The Council confirmed its position on proposals to review the functioning of the current European system of financial supervision (ESFS). It invited the Romanian presidency to start negotiations with the European Parliament as soon as possible.
The European supervisory authorities play an important role in contributing to the health of the EU's financial system. They ensure that our common rules are implemented coherently throughout the EU and that national supervisors cooperate as efficiently as possible. This file is a priority for our Presidency and we are now ready to begin negotiations with the Parliament and are committed to reaching an agreement as soon as possible.
Eugen Teodorovici, minister for finance of Romania, which currently holds the presidency of the Council
The European system of financial supervision was established in 2011 and consists of:
-three European supervisory authorities (ESAs): the European banking authority (EBA), the European insurance and occupational pensions authority (EIOPA) and the European securities and markets authority (ESMA). They supervise and provide regulatory guidance for individual sectors and institutions.
-the European systemic risk board (ESRB) which oversees the financial system as a whole and coordinates EU policies for financial stability.
Following the financial crisis, the EU overhauled its financial system, including how it is regulated and overseen. It introduced a single rulebook, i.e. a set of regulations agreed at EU level and directly applicable in all EU member states, and created the ESAs. These authorities play a key role in ensuring that the financial markets across the EU are well regulated, strong and stable. They contribute to the development and consistent application of the single rulebook, solve cross-border problems, and thereby promote both regulatory and supervisory convergence.
In September 2017, the Commission put forward a package of proposals to review the tasks, powers, governance and funding of the ESAs and the ESRB, so as to adapt the authorities to the changed context in which they operate. In addition, the Commission put forward in October 2018 an amended proposal containing provisions reinforcing the role of the EBA as regards risks posed to the financial sector by money laundering activities.
The Council has been examining the package of proposals at technical level since October 2017.

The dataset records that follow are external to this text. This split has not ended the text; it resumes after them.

Lemma vertex_mateK : involutive (vertex_mate K).
Proof.
move=> j; case: (boolP (j \in K)) => jK; last by rewrite /vertex_mate (negbTE jK) (negbTE jK).
case: (vertex_mate_spec jK) => [[fix_j _]|[nj dj]]; first by rewrite !fix_j.
have jK' : vertex_mate K j \in K by rewrite vertex_mate_in.
have j_in : j \in fibre K (vtx (vertex_mate K j)) by rewrite vtx_vertex_mate inE jK eqxx.
case: (vertex_mate_spec jK') => [[_ d1]|[n1 d1]].
  by move: j_in nj; rewrite d1 inE => /eqP ej; rewrite -ej eqxx.
have : vertex_mate K (vertex_mate K j) \in fibre K (vtx (vertex_mate K j)).
  by rewrite d1 !inE eqxx orbT.
by rewrite vtx_vertex_mate dj !inE (negbTE n1) orbF => /eqP.
Qed.

End VertexMate.

Section MatchingsCircuit.
Variables (J V : finType) (vtx : J -> V) (A : {set J}) (E : {set {set J}})
  (w : {set J} -> rat) (lam : V -> rat).
Hypothesis circuit : is_matching_circuit vtx A E w lam.

Let cover_E : cover E = ~: A.
Proof. by case: circuit => /and3P[/eqP -> _ _]. Qed.
Let trivI_E : trivIset E.
Proof. by case: circuit => /and3P[_ -> _]. Qed.
Let card_edge e : e \in E -> #|e| = 2.
Proof. by case: circuit => _ h _ _; apply: h. Qed.

Definition mate j := if j \in A then j else odflt j [pick j' in pblock E j | j' != j].

Lemma mate_A j : j \in A -> mate j = j.
Proof. by rewrite /mate => ->. Qed.

Lemma mate_spec j : j \notin A ->
  [/\ pblock E j \in E, pblock E j = [set j; mate j], mate j != j &
      pblock E (mate j) = pblock E j].
Proof.
move=> jA; have jc : j \in cover E by rewrite cover_E inE.
have eE := pblock_mem jc; have je : j \in pblock E j by rewrite mem_pblock.
have c2 := card_edge eE.
rewrite /mate (negbTE jA); case: pickP => [j' /andP[j'e nj] | none] /=.
  have de : pblock E j = [set j; j'].
    apply/eqP; rewrite eq_sym eqEcard; apply/andP; split.
      by apply/subsetP => i; rewrite !inE => /orP[] /eqP ->.
    by rewrite c2 cards2 eq_sym nj.
  by split => //; apply: def_pblock.
exfalso; have : pblock E j \subset [set j].
  apply/subsetP => i ie; rewrite inE; apply/negPn/negP => nij.
  by have := none i; rewrite ie nij.
by move/subset_leq_card; rewrite c2 cards1.
Qed.

Lemma mate_notin_A j : j \notin A -> mate j \notin A.
Proof.
move=> jA; case: (mate_spec jA) => eE de _ _.
suff : mate j \in cover E by rewrite cover_E inE.
by apply/bigcupP; exists (pblock E j) => //; rewrite de !inE eqxx orbT.
Qed.

Lemma mateK : involutive mate.
Proof.
move=> j; case: (boolP (j \in A)) => jA; first by rewrite !mate_A.
case: (mate_spec jA) => _ d1 _ p1.
case: (mate_spec (mate_notin_A jA)) => _ d2 n2 _.
have : mate (mate j) \in [set j; mate j] by rewrite -d1 -p1 d2 !inE eqxx orbT.
by rewrite !inE (negbTE n2) orbF => /eqP.
Qed.

Definition occupied (x : {set J}) (F : {set {set J}}) := x :|: cover F.

Lemma in_occupied (x : {set J}) (F : {set {set J}}) j : x \subset A -> F \subset E ->
  (j \in occupied x F) = if j \in A then j \in x else pblock E j \in F.
Proof.
move=> xA FE; rewrite /occupied inE; case: (boolP (j \in A)) => jA.
  case: (boolP (j \in cover F)); rewrite ?orbF ?orbT // => /bigcupP[e eF je].
  have : j \in cover E by apply/bigcupP; exists e => //; apply: (subsetP FE).
  by rewrite cover_E inE jA.
have -> : (j \in x) = false by apply/negbTE; apply: contra jA; apply: (subsetP xA).
apply/bigcupP/idP => [[e eF je]|pF]; first by rewrite (def_pblock trivI_E (subsetP FE _ eF) je).
by exists (pblock E j) => //; rewrite mem_pblock cover_E inE.
Qed.

Lemma mate_occupied (x : {set J}) (F : {set {set J}}) j : x \subset A -> F \subset E ->
  (mate j \in occupied x F) = (j \in occupied x F).
Proof.
move=> xA FE; case: (boolP (j \in A)) => jA; first by rewrite mate_A.
rewrite !in_occupied // (negbTE jA) (negbTE (mate_notin_A jA)).
by case: (mate_spec jA) => _ _ _ ->.
Qed.

Definition valid (x : {set J}) (F : {set {set J}}) :=
  ~~ [exists v, 2 <= degF vtx x F v].

Lemma degF_fibre (x : {set J}) (F : {set {set J}}) v :
  degF vtx x F v = #|fibre vtx (occupied x F) v|.
Proof. by []. Qed.

Lemma valid_fibre (x : {set J}) (F : {set {set J}}) : valid x F -> forall v, #|fibre vtx (occupied x F) v| <= 1.
Proof. by move=> /existsPn h v; rewrite leqNgt; exact: h v. Qed.

Definition weight (x : {set J}) (F : {set {set J}}) := wtG vtx w lam x F.

Lemma weight_valid (x : {set J}) (F : {set {set J}}) : valid x F ->
  weight x F = ((\prod_(v | #|fibre vtx (occupied x F) v| == 0) lam v) * \prod_(e in F) w e)%R.
Proof. by move=> h; rewrite /weight /wtG (negbTE h). Qed.

Lemma weight_invalid (x : {set J}) (F : {set {set J}}) : ~~ valid x F -> weight x F = 0%R.
Proof. by rewrite /valid negbK /weight /wtG => ->. Qed.

Lemma weight_ge0 (x : {set J}) (F : {set {set J}}) : F \subset E -> (0 <= weight x F)%R.
Proof.
move=> FE; rewrite /weight /wtG; case: ifP => _ //.
case: circuit => _ _ w_ge0 lam_ge0.
by apply: mulr_ge0; apply: prodr_ge0 => // e eF; apply: w_ge0; apply: (subsetP FE).
Qed.

Definition pair_conf := ({set {set J}} * {set {set J}})%type.

Definition good_pair (x y : {set J}) (p : pair_conf) :=
  [&& p.1 \subset E, p.2 \subset E, valid x p.1 & valid y p.2].

Definition disagreement (x y : {set J}) (p : pair_conf) := symdiff (occupied x p.1) (occupied y p.2).

Lemma disagreement_fibre (x y : {set J}) (p : pair_conf) : valid x p.1 -> valid y p.2 ->
  forall v, #|fibre vtx (disagreement x y p) v| <= 2.
Proof.
move=> v1 v2 v.
have sub : fibre vtx (disagreement x y p) v \subset
           fibre vtx (occupied x p.1) v :|: fibre vtx (occupied y p.2) v.
  apply/subsetP => j; rewrite !inE.
  by case: (j \in x); case: (j \in y); case: (j \in cover p.1); case: (j \in cover p.2);
     case: (vtx j == v).
apply: leq_trans (subset_leq_card sub) _; rewrite cardsU.
apply: leq_trans (leq_subr _ _) _.
by have := valid_fibre v1 v; have := valid_fibre v2 v; lia.
Qed.

Lemma disagreement_A (x y : {set J}) (p : pair_conf) : x \subset A -> y \subset A -> p.1 \subset E -> p.2 \subset E ->
  disagreement x y p :&: A = symdiff x y.
Proof.
move=> xA yA p1 p2; apply/setP => j.
rewrite inE !in_symdiff !in_occupied //; case: (boolP (j \in A)) => jA; rewrite ?andbT ?andbF //.
have -> : (j \in x) = false by apply/negbTE; apply: contra jA; apply: (subsetP xA).
by have -> : (j \in y) = false by apply/negbTE; apply: contra jA; apply: (subsetP yA).
Qed.

(* Walking along K: go to the other incidence at the vertex, then along
   the internal edge.  Orbits are alternating paths and cycles. *)
Definition step (K : {set J}) := inv_product mate (vertex_mate vtx K).

Definition path_matching (K : {set J}) :=
  equivalence_partition (fconnect (step K)) (K :&: A).

Lemma path_matching_match (x y : {set J}) (p : pair_conf) : x \subset A -> y \subset A -> good_pair x y p ->
  Match' (symdiff x y) (path_matching (disagreement x y p)).
Proof.
move=> xA yA /and4P[p1 p2 v1 v2].
have le2 := disagreement_fibre v1 v2.
have inj := inv_product_inj mateK (vertex_mateK le2).
apply/andP; split.
  rewrite -(disagreement_A xA yA p1 p2); apply: equivalence_partitionP.
  move=> a b c _ _ _; split; first exact: connect0.
  by move=> ab; apply: (same_connect (fconnect_sym inj) ab c).
apply/forall_inP => S /imsetP[a0 a0D ->]; set S0 := [set _ in _ | _].
have ge1 : 0 < #|S0| by apply/card_gt0P; exists a0; rewrite inE a0D connect0.
have a0A : a0 \in A by move: a0D; rewrite inE => /andP[].
have S0_le2 : #|S0| <= 2.
  apply: leq_trans (card_inv1_fixed_in_orbit mateK (vertex_mateK le2) (mate_A a0A)).
  apply: subset_leq_card; apply/subsetP => b; rewrite !inE => /andP[/andP[_ bA] ab].
  by rewrite /step in ab; rewrite ab mate_A // eqxx.
by move: ge1 S0_le2; case: #|S0| => [|[|[|]]].
Qed.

In its mandate, the Council suggests to introduce improvements to the existing system for supervisory convergence in order to improve the efficiency, coherence and overall transparency of the process. The Council position introduces new tools, for example the elaboration of a strategic supervisory plan at EU level, while reinforcing existing mechanisms such as peer reviews or consultation of the stakeholders groups.
The general approach also reviews the existing governance structure. It maintains the principle that decisions have to be taken by the board of supervisors and ensures a key role for national competent authorities within the ESAs governance structure: no decision should be taken against the will of a majority of national supervisors, and the ultimate decision-making body of the Authority is the board of supervisors. In parallel, the Council recommends reinforcing the role and powers of a management board as the main body preparing the board of supervisors' meetings and decisions. It should be composed of a chairperson, six members of the board of supervisors and two full-time members, selected on the basis of their merit, managerial skills and experience of financial supervision. The chairperson and the fulltime members of the management board should be accountable to the European Parliament and to the Council.
As regards the authorities' funding scheme, the Council position generally preserves the existing system of contributions coming partly from the EU budget and partly from national competent authorities.
The reform also reviews the powers of each of the three ESAs. The Council recommends giving ESMA direct supervision powers over critical benchmarks as well as services offering consolidated trading data covering trade in equity and non-equity instruments in the EU, the so-called "consolidated tape providers". In addition, the Council proposes that information exchange and cooperation between national authorities be strengthened, and that the ESAs take better account of cross-border activities.
Finally, the reform aims at improving the functioning of the European Systemic Risk Board (ESRB) with target amendments. In its position, the Council seeks to clarify the role and competences of the ESRB in order to minimise potential risks of conflict of interests between the ECB's different responsibilities in the fields of monetary policy, micro-prudential supervision (as the SSM) and macro-prudential supervision (as the ESRB).
Background and next steps
On 10 January, the economic and financial committee of the European Parliament adopted its position on the full review of the European system of financial supervision.
In December 2018, EU ambassadors approved a partial mandate for negotiations on the anti-money laundering component of the ESFS package
Following the Council's confirmation of the general approach, both co-legislators are now in a position to start trilogue negotiations on the basis of the complete ESFS mandate, with a view to reaching an agreement at first reading. The first trilogue is scheduled to take place on 14 February.